Tool kit would work for every language (all 7,000 of them)
- By Kevin McCaney
- Oct 13, 2015
U.S. forces arriving in foreign lands bring all kinds of communications equipment with them for sharing voice, video, imagery and other data. But that equipment allows them to talk to each other. In some circumstances, particularly in disaster relief and other emergency responses, effective operations also rely on talking to the locals. And that can be a problem.
Considering the global reach of the military and its willingness to respond to disasters, health crises and other incidents, it’s not uncommon that they arrive without the ability to speak the local language. Human translators aren’t always available, and computer translators don’t cover all of the world’s languages, especially those that are rare.
The Defense Advanced Research Projects Agency wants to get around the dilemma with a system that would find and interpret elements that rare languages—what it calls low-resource languages—have in common to offer a basic understanding. The Low Resource Languages for Emergent Incidents, or LORELEI, program isn’t looking to comprehensively translate those languages, DARPA said, but to “provide situational awareness by identifying and correlating elements of information in foreign-language and English sources.”
Comprehensive language translators are fine for common, widely spoken languages, but those programs can take years and millions of dollars to develop, an approach that isn’t practical for rare languages that are spoken by a relatively few number of people.
DARPA said there are more than 7,000 languages spoken around the world. The Linguistic Society of America, citing research done in 2009, put the number (at that time, anyway) at 6,909 distinct languages. It also noted how diverse some regions are. In Papua-New Guinea, for instance, an estimated 832 languages are spoken among a population of about 3.9 million people, so each language is spoken by an average of 4,500 people.
So DARPA isn’t looking to become fluent in all those languages but to be able to find enough common ground to let U.S. personnel coordinate with local organizations during humanitarian assistance, disaster relief, peacekeeping, infectious disease response and other missions.

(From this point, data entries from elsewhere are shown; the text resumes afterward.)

Lemma lead_minor_local_root_unique l x0 y0 z0 :
  y0 <> 0 -> lead_minor l l x0 y0 z0 = 0 ->
  exists d, 0 < d /\ forall s1 s2 y z,
    Rabs (s1 - x0) < d -> Rabs (s2 - x0) < d -> Rabs (y - y0) < d -> Rabs (z - z0) < d ->
    lead_minor l l s1 y z = 0 -> lead_minor l l s2 y z = 0 -> s1 = s2.
Proof.
intros Hy0 H0. destruct l as [|n]; [simpl in H0; lra|].
destruct (lead_minor_sturm_near_root n x0 y0 z0 Hy0 H0) as [d [Hd Hnear]].
exists d. split; [exact Hd|].
assert (Hsep : forall s1 s2 y z, s1 < s2 ->
    Rabs (s1 - x0) < d -> Rabs (s2 - x0) < d -> Rabs (y - y0) < d -> Rabs (z - z0) < d ->
    lead_minor (S n) (S n) s1 y z = 0 -> lead_minor (S n) (S n) s2 y z = 0 -> False).
{ intros s1 s2 y z Hs H1 H2 Hy Hz E1 E2.
  destruct (Hnear s1 y z H1 Hy Hz) as [Hy' _].
  apply (continuant_roots_separated (fun i => - z * weight (S n) i)
           (fun i => y ^ 2 * weight (S n) i) n s1 s2) with (2 := Hs) (4 := E1) (5 := E2).
  - intros i Hi. apply lead_minor_offdiag_pos; [exact Hy' | lia].
  - intros s Hs'. apply (Hnear s y z); [|exact Hy | exact Hz].
    apply Rabs_def1; apply Rabs_def2 in H1; apply Rabs_def2 in H2; lra. }
intros s1 s2 y z H1 H2 Hy Hz E1 E2.
destruct (Rtotal_order s1 s2) as [Hs|[Hs|Hs]]; [exfalso | exact Hs | exfalso].
- exact (Hsep s1 s2 y z Hs H1 H2 Hy Hz E1 E2).
- exact (Hsep s2 s1 y z Hs H2 H1 Hy Hz E2 E1).
Qed.

Lemma lead_minor_curve_fold l (xi eta zeta : R -> R) t0 :
  continuity_pt xi t0 -> continuity_pt eta t0 -> continuity_pt zeta t0 ->
  eta t0 <> 0 -> lead_minor l l (xi t0) (eta t0) (zeta t0) = 0 ->
  exists d, 0 < d /\ forall t1 t2, Rabs (t1 - t0) < d -> Rabs (t2 - t0) < d ->
    lead_minor l l (xi t1) (eta t1) (zeta t1) = 0 ->
    lead_minor l l (xi t2) (eta t2) (zeta t2) = 0 ->
    eta t1 = eta t2 -> zeta t1 = zeta t2 -> xi t1 = xi t2.
Proof.
intros Cxi Ceta Czeta Heta H0.
destruct (lead_minor_local_root_unique l _ _ _ Heta H0) as [d [Hd Huniq]].
assert (Hnear : locally t0 (fun t => Rabs (xi t - xi t0) < d /\
                  Rabs (eta t - eta t0) < d /\ Rabs (zeta t - zeta t0) < d)).
{ rewrite continuity_pt_locally in Cxi, Ceta, Czeta.
  repeat apply filter_and; [apply (Cxi (mkposreal d Hd)) | apply (Ceta (mkposreal d Hd))
                            | apply (Czeta (mkposreal d Hd))]. }
destruct Hnear as [e He]. exists e. split; [apply cond_pos|].
intros t1 t2 H1 H2 E1 E2 Heta12 Hzeta12.
destruct (He t1 H1) as [A1 [B1 C1]]. destruct (He t2 H2) as [A2 _].
apply (Huniq _ _ (eta t1) (zeta t1) A1 A2 B1 C1 E1).
rewrite Heta12, Hzeta12. exact E2.
Qed.

(** * Continuous and periodic real functions *)

Lemma continuity_pt_fun_const c t : continuity_pt (fun _ => c) t.
Proof. apply continuity_pt_const. intros ? ?. reflexivity. Qed.

Lemma continuity_pt_pow2 f t : continuity_pt f t -> continuity_pt (fun s => f s ^ 2) t.
Proof.
intro Cf. apply (continuity_pt_mult f (fun s => f s * 1)); [exact Cf|].
apply (continuity_pt_mult f (fun _ => 1)); [exact Cf | apply continuity_pt_fun_const].
Qed.

Lemma real_analytic_continuous f : real_analytic f -> forall t, continuity_pt f t.
Proof.
intros Hf t0. destruct (Hf t0) as [a [r [Hr Hsum]]].
assert (Hrad : Rbar_le (r / 2) (CV_radius a)).
{ apply Rbar_not_lt_le. intro Hlt. apply (CV_disk_outside a (r / 2)).
  - rewrite Rabs_pos_eq by lra. exact Hlt.
  - pose proof (Hsum (t0 + r / 2)) as Hs. replace (t0 + r / 2 - t0) with (r / 2) in Hs by ring.
    apply ex_series_lim_0. exists (f (t0 + r / 2)). apply is_series_Reals, Hs.
    rewrite Rabs_pos_eq; lra. }
apply continuity_pt_ext_loc with (f := fun t => PSeries a (t - t0)).
- exists (mkposreal r Hr). intros t Ht. unfold PSeries. apply is_series_unique.
  apply is_series_Reals, Hsum, Ht.
- apply (continuity_pt_comp (fun t => t - t0) (PSeries a)).
  + apply continuity_pt_minus; [apply continuity_pt_id | apply continuity_pt_fun_const].
  + apply PSeries_continuity. rewrite Rminus_diag, Rabs_R0.
    eapply Rbar_lt_le_trans; [|exact Hrad]. simpl. lra.
Qed.

Lemma IVT_between f a b v :
  a <= b -> (forall s, a <= s <= b -> continuity_pt f s) ->
  (f a - v) * (f b - v) <= 0 -> exists c, a <= c <= b /\ f c = v.
Proof.
intros Hab Hc Hv.
destruct (Req_dec (f a) v) as [Ea|Ea]; [exists a; split; [lra | exact Ea]|].
destruct (Req_dec (f b) v) as [Eb|Eb]; [exists b; split; [lra | exact Eb]|].
assert (Hlt : a < b) by (destruct (Req_dec a b) as [->|]; [nra | lra]).
destruct (Rlt_or_le (f a) v) as [Ha|Ha].
- destruct (Ranalysis5.IVT_interv (fun s => f s - v) a b) as [c [Hc1 Hc2]];
    [|exact Hlt | lra | nra |].
  + intros s Hs. apply continuity_pt_minus; [apply Hc, Hs | apply continuity_pt_fun_const].
  + exists c. split; [exact Hc1 | lra].
- destruct (Ranalysis5.IVT_interv (fun s => v - f s) a b) as [c [Hc1 Hc2]];
    [|exact Hlt | lra | nra |].
  + intros s Hs. apply continuity_pt_minus; [apply continuity_pt_fun_const | apply Hc, Hs].
  + exists c. split; [exact Hc1 | lra].
Qed.

Lemma local_extremum_not_injective f t0 d :
  0 < d -> (forall s, t0 - d <= s <= t0 + d -> continuity_pt f s) ->
  (forall s, t0 - d <= s <= t0 + d -> f t0 <= f s) \/
  (forall s, t0 - d <= s <= t0 + d -> f s <= f t0) ->
  exists t1 t2, t0 - d <= t1 /\ t1 < t2 /\ t2 <= t0 + d /\ f t1 = f t2.
Proof.
intros Hd Hc Hext.
assert (Hmin : forall g, (forall s, t0 - d <= s <= t0 + d -> continuity_pt g s) ->
  (forall s, t0 - d <= s <= t0 + d -> g t0 <= g s) ->
  exists t1 t2, t0 - d <= t1 /\ t1 < t2 /\ t2 <= t0 + d /\ g t1 = g t2).
{ intros g Hg Hm.
  pose proof (Hm (t0 - d) ltac:(lra)). pose proof (Hm (t0 + d) ltac:(lra)).
  destruct (Rle_or_lt (g (t0 - d)) (g (t0 + d))).
  - destruct (IVT_between g t0 (t0 + d) (g (t0 - d))) as [c [Hc1 Hc2]];
      [lra | intros s Hs; apply Hg; lra | nra |].
    exists (t0 - d), c. repeat split; lra.
  - destruct (IVT_between g (t0 - d) t0 (g (t0 + d))) as [c [Hc1 Hc2]];
      [lra | intros s Hs; apply Hg; lra | nra |].
    exists c, (t0 + d). repeat split; lra. }
destruct Hext as [Hm|Hm]; [exact (Hmin f Hc Hm)|].
destruct (Hmin (fun s => - f s)) as [t1 [t2 [H1 [H2 [H3 H4]]]]].
- intros s Hs. apply continuity_pt_opp, Hc, Hs.
- intros s Hs. pose proof (Hm s Hs). lra.
- exists t1, t2. repeat split; [exact H1 | exact H2 | exact H3 | lra].
Qed.

Lemma exists_avoiding (e : nat -> R) n a b :
  a < b -> exists w, a < w < b /\ forall i, (i < n)%nat -> w <> e i.
Proof.
revert b. induction n as [|n IH]; intros b Hab.
- exists ((a + b) / 2). split; [lra | intros; lia].
- assert (Hcase : a < e n < b \/ ~ a < e n < b)
    by (destruct (Rlt_dec a (e n)); destruct (Rlt_dec (e n) b); [left | right..]; lra).
  destruct Hcase as [Hin|Hout].
  + destruct (IH (e n) (proj1 Hin)) as [w [Hw Hne]]. exists w. split; [lra|].
    intros i Hi. destruct (Nat.eq_dec i n) as [->|]; [lra | apply Hne; lia].
  + destruct (IH b Hab) as [w [Hw Hne]]. exists w. split; [exact Hw|].
    intros i Hi. destruct (Nat.eq_dec i n) as [->|]; [|apply Hne; lia].
    intro E. apply Hout. rewrite <- E. exact Hw.
Qed.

The agency isn’t specifying which technologies are to go into LORELEI—automated speech recognition or machine translation, for instance, might or might nopt be part of the finished product. The idea is to be able to correlate information in low-resource foreign languages and English.

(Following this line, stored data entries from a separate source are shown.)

(* Let $\mathrm{k}\in\{\mathbb{R},\mathbb{C}\}$ and let $\mathcal{A}$ be a commutative unital Banach algebra over $\mathrm{k}$ whose only finite-dimensional subalgebra is $\mathrm{k}$. Then for all finite subsets $A,B$ of $\mathcal{A}$ with $\mathrm{k}\langle A\rangle\cap U(\mathcal{A})\neq\emptyset$ and $\mathrm{k}\langle B\rangle\cap U(\mathcal{A})\neq\emptyset$, $\dim_{\mathrm{k}}(AB)\geq\dim_{\mathrm{k}}(A)+\dim_{\mathrm{k}}(B)-1$.
   Context: Subalgebras contain $1$. $U(\mathcal{A})$ is the group of invertible elements, $\mathrm{k}\langle S\rangle$ the linear span of $S$, $\dim_{\mathrm{k}}(S)=\dim_{\mathrm{k}}\mathrm{k}\langle S\rangle$, and $AB=\{ab\mid a\in A,b\in B\}$. *)

From HB Require Import structures.
From mathcomp Require Import all_boot all_order all_algebra.
From mathcomp Require Import all_classical all_reals all_analysis.
From mathcomp.real_closed Require Import complex.
Set Implicit Arguments. Unset Strict Implicit. Unset Printing Implicit Defensive.
Import Order.TTheory GRing.Theory Num.Theory.
Import numFieldNormedType.Exports.
Local Open Scope ring_scope.
Local Open Scope classical_set_scope.

Record comBanachAlg (K : numFieldType) (V : completeNormedModType K) := ComBanachAlg {
  bmul : V -> V -> V;
  bone : V;
  bmulA : forall x y z, bmul x (bmul y z) = bmul (bmul x y) z;
  bmulC : forall x y, bmul x y = bmul y x;
  bmul1 : forall x, bmul bone x = x;
  bmulDl : forall x y z, bmul (x + y) z = bmul x z + bmul y z;
  bmulZl : forall (a : K) x y, bmul (a *: x) y = a *: bmul x y;
  bnorm_mul : forall x y, `|bmul x y| <= `|x| * `|y|;
  bnorm_one : `|bone| = 1
}.

Section Defs.
Variables (K : numFieldType) (V : lmodType K).

Definition kspan (S : seq V) : set V :=
  [set v | exists c : 'I_(size S) -> K, v = \sum_(i < size S) c i *: S`_i].

Definition lin_indep (S : seq V) : Prop :=
  forall c : 'I_(size S) -> K, \sum_(i < size S) c i *: S`_i = 0 -> forall i, c i = 0.

Definition has_dim (X : set V) (n : nat) : Prop :=
  exists b : seq V, [/\ size b = n, lin_indep b & kspan b = X].

Definition vdim (X : set V) : nat := xget 0%N (has_dim X).

Definition dimk (S : seq V) : nat := vdim (kspan S).

End Defs.

Section AlgDefs.
Variables (K : numFieldType) (V : completeNormedModType K) (M : comBanachAlg V).
Local Notation "x * y" := (bmul M x y).
Local Notation "1" := (bone M).

Definition is_unit (x : V) : Prop := exists y : V, x * y = 1.

Definition subalgebra (S : set V) : Prop :=
  [/\ S 1, (forall x y, S x -> S y -> S (x + y)),
      (forall (a : K) x, S x -> S (a *: x)) & (forall x y, S x -> S y -> S (x * y))].

Definition fin_dim (S : set V) : Prop := exists s : seq V, kspan s = S.

Definition only_fd_subalg_is_k : Prop :=
  forall S : set V, subalgebra S -> fin_dim S -> S = kspan [:: 1].

Definition prodset (A B : seq V) : seq V := [seq a * b | a <- A, b <- B].

End AlgDefs.

From HB Require Import structures.
From mathcomp Require Import all_boot all_order all_algebra.
From mathcomp Require Import all_classical all_reals all_analysis.
From mathcomp.real_closed Require Import complex.
From mathcomp Require Import zify.
Set Implicit Arguments. Unset Strict Implicit. Unset Printing Implicit Defensive.
Import Order.TTheory GRing.Theory Num.Theory.
Local Open Scope ring_scope.
Local Open Scope classical_set_scope.
Local Open Scope complex_scope.

(* Multiplying A and B by inverses of units lying in their spans preserves all
   three dimensions, so we may assume 1 is in X = k<A> and in Y = k<B>; we then
   induct on dim Y, writing P = k<AB>.
   If XY is contained in X, the stabiliser {h | hX in X} is a subalgebra lying
   in X (as 1 is in X), hence finite-dimensional, hence equal to k; so Y is in
   k, dim Y <= 1, and X = X1 is in P.
   Otherwise some a in X has aY not in X. Then Y' = {y in Y | ay in X} is a
   proper subspace of Y containing 1, and if z completes a basis of Y' to one
   of Y, the family az is independent modulo X. The pair X' = X + k<az>, Y'
   satisfies dim X' + dim Y' = dim X + dim Y and X'Y' in P, so the induction
   hypothesis for it gives the bound. *)

(* Coefficients are indexed by nat; those beyond size s are ignored. *)
Definition lcomb (K : numFieldType) (V : lmodType K) (c : nat -> K) (s : seq V) : V :=
  \sum_(i < size s) c i *: s`_i.

Section LinearAlgebra.
Variables (K : numFieldType) (V : lmodType K).
Implicit Types (x y : V) (s t z : seq V) (X Y Z : set V).

Definition subspace X := [/\ X 0, (forall x y, X x -> X y -> X (x + y)) &
  (forall (a : K) x, X x -> X (a *: x))].

Definition lspan s : set V := [set x | exists c, x = lcomb c s].

Definition sum_span Z s : set V := [set x | exists c, Z (x - lcomb c s)].

Definition indep_mod Z s :=
  forall c, Z (lcomb c s) -> forall i, (i < size s)%N -> c i = 0.

Lemma lcomb_nil c : lcomb c ([::] : seq V) = 0.
Proof. by rewrite /lcomb big_ord0. Qed.

Lemma lcomb_cons c y s : lcomb c (y :: s) = c 0%N *: y + lcomb (fun i => c i.+1) s.
Proof. by rewrite /lcomb /= big_ord_recl. Qed.

Lemma lcomb_seq1 c y : lcomb c [:: y] = c 0%N *: y.
Proof. by rewrite /lcomb /= big_ord1. Qed.

Lemma lcomb0 s : lcomb (fun=> 0) s = 0.
Proof. by rewrite /lcomb big1 // => i _; rewrite scale0r. Qed.

Lemma lcombD c d s : lcomb c s + lcomb d s = lcomb (fun i => c i + d i) s.
Proof. by rewrite /lcomb -big_split; apply: eq_bigr => i _; rewrite scalerDl. Qed.

Lemma lcombZ a c s : a *: lcomb c s = lcomb (fun i => a * c i) s.
Proof. by rewrite /lcomb scaler_sumr; apply: eq_bigr => i _; rewrite scalerA. Qed.

Lemma lcombN c s : - lcomb c s = lcomb (fun i => - c i) s.
Proof. by rewrite -scaleN1r lcombZ; congr lcomb; apply/funext => i; rewrite mulN1r. Qed.

Lemma eq_lcomb c d s : (forall i, (i < size s)%N -> c i = d i) -> lcomb c s = lcomb d s.
Proof. by move=> h; apply: eq_bigr => i _; rewrite h. Qed.

Lemma lcomb_map (W : lmodType K) (f : V -> W) c s :
  (forall x y, f (x + y) = f x + f y) -> (forall (a : K) x, f (a *: x) = a *: f x) ->
  f (lcomb c s) = lcomb c (map f s).
Proof.
move=> fD fZ; have f0 : f 0 = 0 by rewrite -(scale0r 0) fZ scale0r.
rewrite /lcomb (big_morph f fD f0) size_map; apply: eq_bigr => i _.
by rewrite fZ (nth_map 0).
Qed.

Lemma kspanE s : kspan s = lspan s.
Proof.
apply/funext => x; apply/propext; split=> [[c ->]|[c ->]]; last by exists (fun i => c i).
exists (fun k => if insub k is Some i then c i else 0).
by apply: eq_bigr => i _; rewrite valK.
Qed.

Lemma lin_indepE s : lin_indep s <-> indep_mod [set 0] s.
Proof.
split=> [h c hc i lti|h c hc i]; first exact: (h (fun k => c k) hc (Ordinal lti)).
have := h (fun k => if insub k is Some j then c j else 0) _ i (ltn_ord i).
rewrite valK; apply; change (lcomb (fun k => if insub k is Some j then c j else 0) s = 0).
by rewrite -[RHS]hc; apply: eq_bigr => j _; rewrite valK.
Qed.

Lemma subspace0 : subspace [set 0].
Proof. by split=> [//|x y -> ->|a x ->]; rewrite ?addr0 ?scaler0. Qed.

Lemma subspace_lcomb X c s :
  subspace X -> (forall i, (i < size s)%N -> X s`_i) -> X (lcomb c s).
Proof. by case=> X0 XD XZ hs; rewrite /lcomb; elim/big_ind: _ => // i _; exact/XZ/hs. Qed.

Lemma subspace_lspan s : subspace (lspan s).
Proof.
split; first by exists (fun=> 0); rewrite lcomb0.
  by move=> x y [c ->] [d ->]; exists (fun i => c i + d i); rewrite lcombD.
by move=> a x [c ->]; exists (fun i => a * c i); rewrite lcombZ.
Qed.

Lemma lspan_nth s i : (i < size s)%N -> lspan s s`_i.
Proof.
move=> hi; exists (fun k => (k == i)%:R); rewrite /lcomb (bigD1 (Ordinal hi)) //=.
rewrite eqxx scale1r big1 ?addr0 // => j hj.
by rewrite (_ : (nat_of_ord j == i) = false) ?scale0r //; apply/negbTE;
  move: hj; apply: contra => /eqP h; apply/eqP/val_inj.
Qed.

Lemma lspan_mem s x : x \in s -> lspan s x.
Proof. by move=> hx; rewrite -(nth_index 0 hx); apply: lspan_nth; rewrite index_mem. Qed.

Lemma lspan_sub X s : subspace X -> (forall i, (i < size s)%N -> X s`_i) -> lspan s `<=` X.
Proof. by move=> hX hs x [c ->]; apply: subspace_lcomb. Qed.

Lemma lspan_map (f : V -> V) s x :
  (forall x y, f (x + y) = f x + f y) -> (forall (a : K) x, f (a *: x) = a *: f x) ->
  lspan (map f s) x <-> exists2 y, lspan s y & x = f y.
Proof.
move=> fD fZ; split=> [[c ->]|[y [c ->] ->]]; last by exists c; rewrite lcomb_map.
by exists (lcomb c s); [exists c|rewrite lcomb_map].
Qed.

(* Steinitz: a longer family has a coordinate matrix with more rows than
   columns, and a nonzero kernel vector of it is a vanishing combination. *)
Lemma size_indep_le s t : indep_mod [set 0] t ->
  (forall j, (j < size t)%N -> lspan s t`_j) -> (size t <= size s)%N.
Proof.
move=> ht hs; rewrite leqNgt; apply/negP => lt.
have /choice [F hF] : forall j, exists c, (j < size t)%N -> t`_j = lcomb c s.
  move=> j; case: (ltnP j (size t)) => hj; last by exists (fun=> 0).
  by have [c hc] := hs j hj; exists c.
pose Mx : 'M[K]_(size t, size s) := \matrix_(j, i) F j i.
have kn0 : kermx Mx != 0.
  apply/eqP => k0; have := mxrank_ker Mx; rewrite k0 mxrank0 => /esym/eqP.
  rewrite subn_eq0 => h; have := leq_trans h (rank_leq_col Mx).
  by rewrite leqNgt lt.
have [r wn0] : exists r, row r (kermx Mx) != 0.
  apply: contrapT => hall; move/negP: kn0; apply; apply/eqP/row_matrixP => r.
  by rewrite row0; apply: contrapT => /eqP h; apply: hall; exists r.
set w := row r (kermx Mx) in wn0.
have w0 : w *m Mx = 0 by rewrite /w -row_mul mulmx_ker row0.
pose c j := if insub j is Some jj then w 0 jj else 0.
have : lcomb c t = 0.
  rewrite /lcomb; transitivity (\sum_(j < size t) \sum_(i < size s) (w 0 j * F j i) *: s`_i).
    apply: eq_bigr => j _; rewrite /c valK (hF j (ltn_ord j)) /lcomb scaler_sumr.
    by apply: eq_bigr => i _; rewrite scalerA.
  rewrite exchange_big /=; apply: big1 => i _; rewrite -scaler_suml.
  suff -> : \sum_(j < size t) w 0 j * F j i = 0 by rewrite scale0r.
  have := congr1 (fun N : 'M[K]_(1, size s) => N 0 i) w0; rewrite !mxE => h.
  by rewrite -[RHS]h; apply: eq_bigr => j _; rewrite /Mx !mxE.
move/ht => hc; move/negP: wn0; apply; apply/eqP/rowP => j.
by rewrite [RHS]mxE; have := hc j (ltn_ord j); rewrite /c valK.
Qed.

Lemma subspace_sum_span Z s : subspace Z -> subspace (sum_span Z s).
Proof.
case=> Z0 ZD ZZ; split.
- by exists (fun=> 0); rewrite lcomb0 subr0.
- move=> x y [c hc] [d hd]; exists (fun i => c i + d i); rewrite -lcombD.
  by rewrite opprD addrACA; apply: ZD.
- by move=> a x [c hc]; exists (fun i => a * c i); rewrite -lcombZ -scalerBr; apply: ZZ.
Qed.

“Through LORELEI, we envision a system that could quickly pick out key information—things such as names, events, sentiment and relationships—from public news and social media sources in any language, based on the system’s understanding of other languages,” said Boyan Onyshkevych, DARPA program manager. “The goal is to provide immediate, evolving situational awareness that helps decision makers assess and respond as intelligently as possible to dynamic, difficult situations.”
The research agency has awarded Phase 1 contracts to 13 organizations:
- Carnegie Mellon University
- Columbia University
- Johns Hopkins University
- Next Century Corporation
- Raytheon BBN
- University of Illinois Urbana-Champaign
- University of Massachusetts
- University of Pennsylvania
- University of Pennsylvania Linguistic Data Consortium
- University of Texas El Paso
- University of Washington
- University Southern California Information Sciences Institute.
Phase 1 will focus on three principal areas:
Algorithm Research and Development Environment, which aims to reduce the reliance on large language libraries and instead focus on what languages have in common.
Run-time Framework Development, a prototype tool to combine open-source data feeds in English and other languages.
Linguistic Resource Creation, which would combine resources ranging from dictionaries to emergency response terminology in support of the first two technical areas.
DARPA is hoping that LORELEI will be able to present useful response information in an easy-to-use interface within 24 hours of an incident and deliver fully automated language capabilities within days or weeks.
Kevin McCaney is a former editor of Defense Systems and GCN.